Get a daily dose of Alan Heathcock this week

Alan Heathcock has a short story being doled out in daily increments at 5 Chapters this week, and--judging by the first installment--you are well advised to stop there each day.  "The Founding" is a story about a band of pioneers arriving in a new world.  It's told in broad strokes--Heathcock will leap forward a month in the space of a single sentence--and, as with many short stories, your undivided attention is needed to get through some of those epic passages.  But so far, I really like "The Founding" which is filled with wonderful sentences like this one: "The women frolicked in the surf; even Madaline Huffington, a stout humorless woman, stripped to her undergarments and let the waves carry her woodlike to the beach."  Another aspect of the story I appreciated was the fact that we're not told where these voyagers are, or even when.  For all we know, this could be a post-apocalyptic tale of Darwinian survival.  "The Founding" intrigues and tantalizes me enough to tune in tomorrow...and the tomorrow after that.
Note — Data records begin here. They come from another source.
(* Let $m\ge 2$ be an integer such that $p_1(x)=x^{m+1}+x+1$ is irreducible over $\mathrm{GF}(2)$, and let $F=\mathrm{GF}(2^{m+1})=\mathrm{GF}(2)[x]/(p_1(x))$, whose elements are identified with the polynomials over $\mathrm{GF}(2)$ of degree at most $m$. Let $D_0$ be the multiplication table of $F$ (rows and columns indexed by the elements of $F$, entry in row $a$ and column $b$ equal to $ab$ computed in $F$). Let $D_1$ be the $2^{m+1}\times 4$ submatrix of $D_0$ consisting of the columns indexed by $0,1,x,x+1$, and let $D_2$ be the submatrix of $D_1$ consisting of the $2^m$ rows indexed by the elements of $r_{m-2}\cup\big(x^m+x^{m-1}+r_{m-2}\big)$. Then: (i) $D_1$ is a difference matrix $D(2^{m+1},2^2,2^{m+1})$ over the additive group of $F$; (ii) $\phi(D_2)$ is a difference matrix $D(2^m,2^2,2^m)$ over the additive group of $\mathrm{GF}(2^m)$.
   Context: $r_{m-2}$ denotes the set of all polynomials over $\mathrm{GF}(2)$ of degree at most $m-2$, and $q+S=\{q+s:s\in S\}$. A difference matrix $D(b,c,g)$ over a finite abelian group $\mathcal{A}$ of order $g$ is a $b\times c$ array with entries in $\mathcal{A}$ such that, for any two distinct columns, their entrywise difference vector contains every element of $\mathcal{A}$ equally often. Elements of $\mathrm{GF}(2^m)$ are identified (as an additive group) with polynomials over $\mathrm{GF}(2)$ of degree at most $m-1$. The truncation projection $\phi$ maps $a_0+a_1x+\cdots+a_mx^m\in F$ to $a_0+a_1x+\cdots+a_{m-1}x^{m-1}$; for an array $D$, $\phi(D)$ is obtained by applying $\phi$ entrywise. *)

From HB Require Import structures.
From mathcomp Require Import all_boot all_order all_algebra.
Set Implicit Arguments. Unset Strict Implicit. Unset Printing Implicit Defensive.
Import GRing.Theory.
Local Open Scope ring_scope.

(* A difference matrix D(b,c,g) over a finite abelian group G (of order g):
   a b x c array with entries in G, rows indexed by the elements of a finite
   set S of row labels (#|S| = b), columns indexed by 'I_c, such that for any
   two distinct columns the entrywise difference vector contains every element
   of G equally often. *)
Definition diff_matrix (G : finZmodType) (I : finType) (S : {set I}) (c : nat)
    (D : I -> 'I_c -> G) (b g : nat) : Prop :=
  [/\ #|S| = b, #|G| = g &
      forall j1 j2 : 'I_c, j1 != j2 -> forall u v : G,
        #|[set i in S | D i j1 - D i j2 == u]| =
        #|[set i in S | D i j1 - D i j2 == v]| ].

Definition p1 (m : nat) : {poly 'F_2} := 'X^(m.+1) + 'X + 1.

(* Elements of GF(2^(m+1)) = GF(2)[x]/(p_1): polynomials of degree <= m. *)
Notation Fm m := {poly_(m.+1) 'F_2}.

Definition Fmul (m : nat) (a b : Fm m) : Fm m :=
  npolyp m.+1 ((val a * val b) %% p1 m).

Definition D0 (m : nat) (a b : Fm m) : Fm m := Fmul a b.

Definition col_label (m : nat) (j : 'I_4) : Fm m :=
  npolyp m.+1 (nth 0 [:: 0; 1; 'X; 'X + 1] j).

Definition D1 (m : nat) (a : Fm m) (j : 'I_4) : Fm m := D0 a (col_label m j).

(* Row labels of D_2: r_{m-2} U (x^m + x^(m-1) + r_{m-2}),
   r_{m-2} = polynomials of degree <= m-2, i.e. size <= m-1. *)
Definition D2_rows (m : nat) : {set Fm m} :=
  [set a : Fm m | leq (size (val a)) m.-1 ||
                  leq (size (val a - ('X^m + 'X^(m.-1)))%R) m.-1].

(* Truncation phi : a_0 + ... + a_m x^m |-> a_0 + ... + a_(m-1) x^(m-1),
   landing in GF(2^m) identified additively with polynomials of degree <= m-1. *)
Definition phi (m : nat) (a : Fm m) : {poly_m 'F_2} := npolyp m (val a).

(* phi(D_2): D_2 is D_1 restricted to the rows D2_rows; phi applied entrywise. *)
Definition phiD2 (m : nat) (a : Fm m) (j : 'I_4) : {poly_m 'F_2} := phi (D1 a j).

From mathcomp Require Import all_boot all_order all_algebra ring.
Set Implicit Arguments. Unset Strict Implicit. Unset Printing Implicit Defensive.
Import GRing.Theory.
Local Open Scope ring_scope.

(* Subtracting two of the columns 0, 1, x, x+1 gives multiplication by some
   e in {1, x, x+1}, and e is a unit modulo p_1 since p_1(0) = p_1(1) = 1; so
   every column difference of D_1 is a bijection of F, which is (i).  The rows
   of D_2 form the subgroup H = {a | a_m = a_(m-1)} of F, and phi is additive
   with kernel {0, x^m}.  Hence a column difference of phi(D_2) is injective on
   H as soon as the unique solution a of a e = x^m, namely x^m, x^(m-1) or
   x^m + 1, lies outside H, which holds for m >= 2. *)

Lemma card_preim_in_inj (I T : finType) (S : {set I}) (f : I -> T) (u : T) :
  {in S &, injective f} -> #|S| = #|T| -> #|[set i in S | f i == u]| = 1%N.
Proof.
move=> f_inj cardS.
have /imsetP[i iS ->] : u \in f @: S.
  suff -> : f @: S = [set: T] by rewrite inE.
  by apply/eqP; rewrite eqEcard subsetT cardsT card_in_imset // cardS /=.
rewrite -(cards1 i); apply: eq_card => k; rewrite !inE.
apply/andP/eqP => [[kS /eqP/f_inj] | ->]; first exact.
by rewrite iS.
Qed.

Lemma diff_matrix_in_inj (G : finZmodType) (I : finType) (S : {set I}) (c : nat)
    (D : I -> 'I_c -> G) :
  #|S| = #|G| ->
  (forall j1 j2 : 'I_c, j1 != j2 -> {in S &, injective (fun i => D i j1 - D i j2)}) ->
  diff_matrix S D #|G| #|G|.
Proof.
move=> cardS D_inj; split=> // j1 j2 j12 u v.
by rewrite !(card_preim_in_inj _ (D_inj _ _ j12)).
Qed.

Lemma F2_cases (x : 'F_2) : x = 0 \/ x = 1.
Proof. by case: x => [[|[|n]]] // ?; [left | right]; apply/val_inj. Qed.

Lemma pchar_polyF2 : 2%N \in [pchar {poly 'F_2}].
Proof. by rewrite pchar_poly pchar_Fp. Qed.

Lemma modp_mul_inj (R : fieldType) (p e a b : {poly R}) : coprimep p e ->
  (size a < size p)%N -> (size b < size p)%N -> (a * e) %% p = (b * e) %% p -> a = b.
Proof.
move=> cop_pe sa sb eq_ab; apply/eqP; rewrite -subr_eq0; apply/eqP.
have sab : (size (a - b)%R < size p)%N.
  by rewrite (leq_ltn_trans (size_polyD a (- b))) // gtn_max size_polyN sa.
rewrite -(modp_small sab); apply/modp_eq0P.
rewrite -(Gauss_dvdpl _ cop_pe); apply/modp_eq0P.
by rewrite mulrBl modpD modpN eq_ab subrr.
Qed.

Lemma polyF2_eq0_or_Xn (n : nat) (d : {poly 'F_2}) : (size d <= n.+1)%N ->
  (forall i, (i < n)%N -> d`_i = 0) -> d = 0 \/ d = 'X^n.
Proof.
move=> sd low.
have d_eq : d = d`_n *: 'X^n.
  apply/polyP => i; rewrite coefZ coefXn.
  case: (ltngtP i n) => [/low-> | ni | ->]; rewrite ?mulr0 ?mulr1 //.
  by rewrite nth_default // (leq_trans sd ni).
rewrite d_eq; case: (F2_cases d`_n) => ->; [left | right].
  exact: scale0r.
exact: scale1r.
Qed.

Lemma size_poly_le_top2 (R : nzRingType) (n : nat) (q : {poly R}) :
  (size q <= n.+2)%N -> (size q <= n)%N = (q`_n.+1 == 0) && (q`_n == 0).
Proof.
have size_leS k : (size q <= k.+1)%N -> q`_k = 0 -> (size q <= k)%N.
  move=> sq qk; apply/leq_sizeP => j; rewrite leq_eqVlt => /orP[/eqP<- // | kj].
  exact/nth_default/(leq_trans sq).
move=> sq; apply/idP/andP => [sqn | [/eqP qn1 /eqP qn]].
  by rewrite !nth_default // (leq_trans sqn).
exact/size_leS/qn/size_leS.
Qed.

Section MulmodP1.

Variable m : nat.
Hypothesis m_ge2 : (2 <= m)%N.

Let m_gt0 : (0 < m)%N. Proof. exact: ltnW. Qed.
Let pred_m_lt : (m.-1 < m)%N. Proof. by rewrite ltn_predL. Qed.

Lemma size_p1 : size (p1 m) = m.+2.
Proof.
by rewrite /p1 -addrA size_polyDl size_polyXn // -[1]/(1%:P) size_XaddC ltnS.
Qed.

Lemma size_modp1 (q : {poly 'F_2}) : (size (q %% p1 m)%R <= m.+1)%N.
Proof. by rewrite -ltnS -size_p1 ltn_modp -size_poly_eq0 size_p1. Qed.

Lemma size_val_lt_p1 (a : Fm m) : (size (val a) < size (p1 m))%N.
Proof. by rewrite size_p1 ltnS size_npoly. Qed.

Lemma coprimep_p1 (e : {poly 'F_2}) : e \in [:: 1; 'X; 'X + 1] -> coprimep (p1 m) e.
Proof.
have rootN0 x : ~~ root (p1 m) x.
  by rewrite /root /p1 !hornerE; case: (F2_cases x) => ->; rewrite ?expr0n ?expr1n.
rewrite !inE => /or3P[] /eqP->; first exact: coprimep1.
  by rewrite coprimepX.
by rewrite -(GRing.subr_pchar2 pchar_polyF2) coprimep_XsubC.
Qed.

Definition col_poly (j : 'I_4) : {poly 'F_2} := nth 0 [:: 0; 1; 'X; 'X + 1] j.

Lemma col_poly_diff (j1 j2 : 'I_4) : j1 != j2 ->
  col_poly j1 - col_poly j2 \in [:: 1; 'X; 'X + 1].
Proof.
have ch2 := pchar_polyF2; rewrite /col_poly (GRing.subr_pchar2 ch2).
case: j1 j2 => [[|[|[|[|?]]]] ?] [[|[|[|[|?]]]] ?] //= _;
  rewrite ?add0r ?addr0 ?[1 + _]addrC ?(addrK_pchar2 ch2) ?(addKr_pchar2 ch2);
  rewrite ?(addrAC _ 1 'X) ?(addrr_pchar2 ch2) ?add0r !inE ?eqxx ?orTb ?orbT //.
Qed.

Lemma D1_val (a : Fm m) (j : 'I_4) : val (D1 a j) = (val a * col_poly j) %% p1 m.
Proof.
rewrite /D1 /D0 /Fmul /col_label /= npolypK ?size_modp1 // npolypK //.
case: j => [[|[|[|[|j]]]] hj] //=.
- by rewrite size_poly0.
- by rewrite size_poly1.
- by rewrite size_polyX.
- by rewrite -[1]/(1%:P) size_XaddC.
Qed.

Lemma D1_diff_val (a : Fm m) (j1 j2 : 'I_4) :
  val (D1 a j1 - D1 a j2) = (val a * (col_poly j1 - col_poly j2)) %% p1 m.
Proof. by rewrite [val _]/= !D1_val mulrBr modpD modpN. Qed.

Lemma D1_diff_inj (j1 j2 : 'I_4) : j1 != j2 ->
  injective (fun a : Fm m => D1 a j1 - D1 a j2).
Proof.
move=> j12 a b /(congr1 val); rewrite !D1_diff_val => eq_ab.
apply/val_inj; apply: modp_mul_inj eq_ab; rewrite ?size_val_lt_p1 //.
exact/coprimep_p1/col_poly_diff.
Qed.

Lemma mem_D2_rows (a : Fm m) : (a \in D2_rows m) = ((val a)`_m == (val a)`_m.-1).
Proof.
have size_le_pred (q : {poly 'F_2}) : (size q <= m.+1)%N ->
    (size q <= m.-1)%N = (q`_m == 0) && (q`_m.-1 == 0).
  by have := @size_poly_le_top2 _ m.-1 q; rewrite prednK.
have sX : (size (('X^m + 'X^(m.-1))%R : {poly 'F_2}) <= m.+1)%N.
  by rewrite (leq_trans (size_polyD _ _)) // !size_polyXn geq_max leqnn ltnS leq_pred.
rewrite inE !size_le_pred ?size_npoly //; last first.
  by rewrite (leq_trans (size_polyD _ _)) // size_polyN geq_max size_npoly.
rewrite !coefB !coefD !coefXn !eqxx (gtn_eqF pred_m_lt) (ltn_eqF pred_m_lt) addr0 add0r.
by case: (F2_cases (val a)`_m) => ->; case: (F2_cases (val a)`_m.-1) => ->.
Qed.

Lemma mulmodp1_eq_Xm_coef_neq (e c : {poly 'F_2}) : e \in [:: 1; 'X; 'X + 1] ->
  (size c <= m.+1)%N -> (c * e) %% p1 m = 'X^m -> c`_m != c`_m.-1.
Proof.
move=> e_col sc ceXm.
have sXm : (size ('X^m : {poly 'F_2}) < size (p1 m))%N by rewrite size_polyXn size_p1.
suff [w [sw wXm w_coef]] : exists w : {poly 'F_2},
    [/\ (size w <= m.+1)%N, (w * e) %% p1 m = 'X^m & w`_m != w`_m.-1].
  suff <- : w = c by [].
  by apply: (modp_mul_inj (coprimep_p1 e_col)); rewrite ?size_p1 ?ltnS // wXm ceXm.
have mm1 := gtn_eqF pred_m_lt; have m1m := ltn_eqF pred_m_lt.
have coefXnn i : ('X^i : {poly 'F_2})`_i = 1 by rewrite coefXn eqxx.
move: e_col; rewrite !inE => /or3P[] /eqP->.
- exists 'X^m; rewrite size_polyXn mulr1 modp_small //.
  by rewrite coefXnn coefXn m1m oner_neq0.
- exists 'X^(m.-1); rewrite size_polyXn -exprSr prednK // modp_small //.
  by rewrite coefXnn coefXn mm1 eq_sym oner_eq0.
exists ('X^m + 1); split.
- by rewrite (leq_trans (size_polyD _ _)) // size_polyXn size_poly1 geq_max leqnn.
- have -> : ('X^m + 1) * ('X + 1) = p1 m + 'X^m by rewrite /p1 exprSr; ring.
  by rewrite modpD modpp add0r modp_small.
have pred_m_gt0 : (0 < m.-1)%N by rewrite ltn_predRL.
by rewrite !coefD coefXnn !coef1 coefXn m1m !gtn_eqF // add0r addr0 oner_neq0.
Qed.

Definition trunc_mulmod (e : {poly 'F_2}) (a : Fm m) : {poly_m 'F_2} :=
  npolyp m ((val a * e) %% p1 m).

Lemma trunc_mulmod_in_inj (e : {poly 'F_2}) : e \in [:: 1; 'X; 'X + 1] ->
  {in D2_rows m &, injective (trunc_mulmod e)}.
Proof.
move=> e_col a b aH bH /npolyP eq_ab.
have low i : (i < m)%N -> ((val (a - b) * e) %% p1 m)`_i = 0.
  move=> im; have := eq_ab i; rewrite !coef_npolyp im => eq_abi.
  by rewrite [val _]/= mulrBl modpD modpN coefD coefN eq_abi subrr.
have [ab0 | abXm] := polyF2_eq0_or_Xn (size_modp1 _) low.
  apply/eqP; rewrite -subr_eq0; apply/eqP/val_inj.
  apply: (modp_mul_inj (coprimep_p1 e_col)) (size_val_lt_p1 _) (size_val_lt_p1 0) _.
  by rewrite ab0 mul0r mod0p.
case/negP: (mulmodp1_eq_Xm_coef_neq e_col (size_npoly _) abXm).
by move: aH bH; rewrite !mem_D2_rows [val _]/= !coefB => /eqP-> /eqP->.
Qed.

Lemma phi_trunc_mulmod1 (a : Fm m) : phi a = trunc_mulmod 1 a.
Proof. by rewrite /trunc_mulmod mulr1 modp_small ?size_val_lt_p1. Qed.

Lemma phiD2_diff (a : Fm m) (j1 j2 : 'I_4) :
  phiD2 a j1 - phiD2 a j2 = trunc_mulmod (col_poly j1 - col_poly j2) a.
Proof.
apply/npolyP => i; rewrite /trunc_mulmod -D1_diff_val coef_npolyp.
rewrite [LHS](coefB (val (phiD2 a j1))) /phiD2 /phi !(coef_npolyp (val (D1 a _))).
by case: ifP; rewrite ?subrr // -coefB.
Qed.

Lemma phi_D2_rows : @phi m @: D2_rows m = [set: {poly_m 'F_2}].
Proof.
apply/setP => u; rewrite inE; apply/imsetP.
have su := size_npoly u.
pose w := val u + (val u)`_m.-1 *: 'X^m.
have sw : (size w <= m.+1)%N.
  apply/leq_sizeP => j mj; rewrite coefD coefZ coefXn (gtn_eqF mj) mulr0 addr0.
  exact/nth_default/(leq_trans su)/ltnW.
exists (npolyp m.+1 w).
  rewrite mem_D2_rows /= npolypK // !coefD !coefZ !coefXn eqxx (ltn_eqF pred_m_lt).
  by rewrite (nth_default _ su) mulr0 mulr1 add0r addr0.
apply/npolyP => i; rewrite coef_npolyp /= npolypK // coefD coefZ coefXn.
case: ltnP => [/ltn_eqF-> | mi]; first by rewrite mulr0 addr0.
by rewrite nth_default // (leq_trans su).
Qed.

Lemma card_D2_rows : #|D2_rows m| = (2 ^ m)%N.
Proof.
have phi_inj : {in D2_rows m &, injective (@phi m)}.
  move=> a b aH bH; rewrite !phi_trunc_mulmod1.
  exact: trunc_mulmod_in_inj (mem_head _ _) a b aH bH.
by rewrite -(card_in_imset phi_inj) phi_D2_rows cardsT card_npoly card_Fp.
Qed.

Lemma diff_matrix_D1 : diff_matrix [set: Fm m] (@D1 m) (2 ^ m.+1) (2 ^ m.+1).
Proof.
have cardF : #|Fm m| = (2 ^ m.+1)%N by rewrite card_npoly card_Fp.
rewrite -cardF; apply: diff_matrix_in_inj; first by rewrite cardsT.
by move=> j1 j2 j12 a b _ _; apply: D1_diff_inj.
Qed.

Lemma diff_matrix_phiD2 : diff_matrix (D2_rows m) (@phiD2 m) (2 ^ m) (2 ^ m).
Proof.
have cardFm : #|{poly_m 'F_2}| = (2 ^ m)%N by rewrite card_npoly card_Fp.
rewrite -cardFm; apply: diff_matrix_in_inj; first by rewrite card_D2_rows.
move=> j1 j2 j12 a b aH bH; rewrite !phiD2_diff.
exact: trunc_mulmod_in_inj (col_poly_diff j12) a b aH bH.
Qed.

End MulmodP1.

(* [hirr] is unused: only the coprimality of p_1 with x and x + 1 matters. *)
Theorem theorem1 (m : nat) (hm : (2 <= m)%N) (hirr : irreducible_poly (p1 m)) :
  diff_matrix [set: Fm m] (@D1 m) (2 ^ m.+1) (2 ^ m.+1) /\
  diff_matrix (D2_rows m) (@phiD2 m) (2 ^ m) (2 ^ m).
Proof. by split; [apply: diff_matrix_D1 | apply: diff_matrix_phiD2]. Qed.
If you aren't already familiar with 5 Chapters, now is a good time to shake the site's hand.  Each week, they publish a story in five parts.  It's the perfect complement to the daily commute, or those 15 minutes of slack time at the office.  If you'd like to get 5 Chapters in your inbox each day, send an e-mail to

I was especially excited to see Heathcock's name pop into my inbox this morning because his short story collection VOLT, coming from Graywolf Press in March, is one of the books I'm most looking forward this Spring.  Saliva has been running down my chin ever since I first heard of it.  Here's the publisher's blurb:
       A blistering new collection of stories from an exhilarating new voice.
       One man kills another after neither will move his pickup truck from the road.  A female sheriff in a flooded town attempts to cover up a murder.  When a farmer harvesting a field accidentally runs over his son, his grief sets him off walking, mile after mile.  A band of teens bent on destruction runs amok in a deserted town at night.  As these men and women lash out at the inscrutable churn of the world around them, they find a grim measure of peace in their solitude.
       Throughout VOLT, Alan Heathcock’s stark realism is leavened by a lyric energy that matches the brutality of the surface.  And as you move through the wind-lashed landscape of these stories, faint signs of hope appear underfoot.  In VOLT, the work of a writer who’s hell-bent on wrenching out whatever beauty this savage world has to offer, Heathcock’s tales of lives set afire light up the sky like signal flares touched off in a moment of desperation.
A bit over-the-top?  Sure, but I've read a few pieces of Heathcock's fiction and I'm pretty certain his stories will be a lot more restrained.  I like this blurb from Dan Chaon (You Remind Me of Me), which more accurately sums up the Idaho writer's talent:
“The stories in VOLT are intense, suspenseful, and utterly compelling.  Heathcock writes about violence and bad luck and bad choices with a cool, grim eye that recalls Cormac McCarthy, yet he also approaches the hard lives of his stoic Westerners with great empathy and compassion and heart–a kind of miraculous combination.”
That's exactly what's going on in "The Founding."  What starts on an exhilarating, joyous note (everyone dances when they catch sight of land after a month at sea) soon turns into a grim catalogue of bad luck.  Here's how the story begins:
Upon the third call of land, Antonia rushed with the others up the dark hull stairs and into the red dying light.  On the deck, Vicar Hamby played his melodeon, little Bon Smithers on pennywhistle, jigging and clicking his heels.  Everyone danced and sang.  Antonia twirled in Seth Worthington’s arms, then ran to the ship’s rail.  The sun rode the cliffs, the bay breaking languid waves on a shore fringed with pink foam.  A month on the ocean, weeks without land.  Men sang hallelujahs from the rigging, sliding down cordage and dropping like spiders to the deck.  Antonia’s face felt feverish.  Her cheeks ached from smiling.  Old Mary skipped over, bent under her shawl, and Antonia took her frail spotted hands and they spun, Mary toothless and laughing, her eyes bright as a babe’s and glinting the pale rose of the setting sun.